WHAT TO PRODUCE: Lines from the one containing "rewrite mren_apps, (map_mren_retract _" through the last line of the data below are to be returned exactly; leave out the rest.

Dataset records
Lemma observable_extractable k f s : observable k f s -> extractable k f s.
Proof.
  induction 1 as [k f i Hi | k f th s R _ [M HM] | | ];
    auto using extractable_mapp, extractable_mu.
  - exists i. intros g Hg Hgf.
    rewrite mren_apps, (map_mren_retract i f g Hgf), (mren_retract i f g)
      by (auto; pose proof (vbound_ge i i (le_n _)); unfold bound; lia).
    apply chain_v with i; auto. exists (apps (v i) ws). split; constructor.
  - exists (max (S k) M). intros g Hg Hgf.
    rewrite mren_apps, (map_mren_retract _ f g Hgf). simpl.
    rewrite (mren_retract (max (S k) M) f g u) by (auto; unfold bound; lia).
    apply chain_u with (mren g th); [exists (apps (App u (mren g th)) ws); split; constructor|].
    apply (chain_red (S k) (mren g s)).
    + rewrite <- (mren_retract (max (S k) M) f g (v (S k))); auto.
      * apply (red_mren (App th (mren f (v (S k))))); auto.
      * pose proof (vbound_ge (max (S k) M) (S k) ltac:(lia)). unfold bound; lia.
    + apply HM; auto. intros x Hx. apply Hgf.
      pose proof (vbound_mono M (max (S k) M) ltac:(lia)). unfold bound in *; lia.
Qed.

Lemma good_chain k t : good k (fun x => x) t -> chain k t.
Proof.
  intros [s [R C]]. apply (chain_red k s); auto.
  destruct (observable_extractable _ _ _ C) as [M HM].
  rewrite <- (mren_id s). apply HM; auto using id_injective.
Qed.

TASK RESULT:
    rewrite mren_apps, (map_mren_retract _ f g Hgf). simpl.
    rewrite (mren_retract (max (S k) M) f g u) by (auto; unfold bound; lia).
    apply chain_u with (mren g th); [exists (apps (App u (mren g th)) ws); split; constructor|].
    apply (chain_red (S k) (mren g s)).
    + rewrite <- (mren_retract (max (S k) M) f g (v (S k))); auto.
      * apply (red_mren (App th (mren f (v (S k))))); auto.
      * pose proof (vbound_ge (max (S k) M) (S k) ltac:(lia)). unfold bound; lia.
    + apply HM; auto. intros x Hx. apply Hgf.
      pose proof (vbound_mono M (max (S k) M) ltac:(lia)). unfold bound in *; lia.
Qed.

Lemma good_chain k t : good k (fun x => x) t -> chain k t.
Proof.
  intros [s [R C]]. apply (chain_red k s); auto.
  destruct (observable_extractable _ _ _ C) as [M HM].
  rewrite <- (mren_id s). apply HM; auto using id_injective.
Qed.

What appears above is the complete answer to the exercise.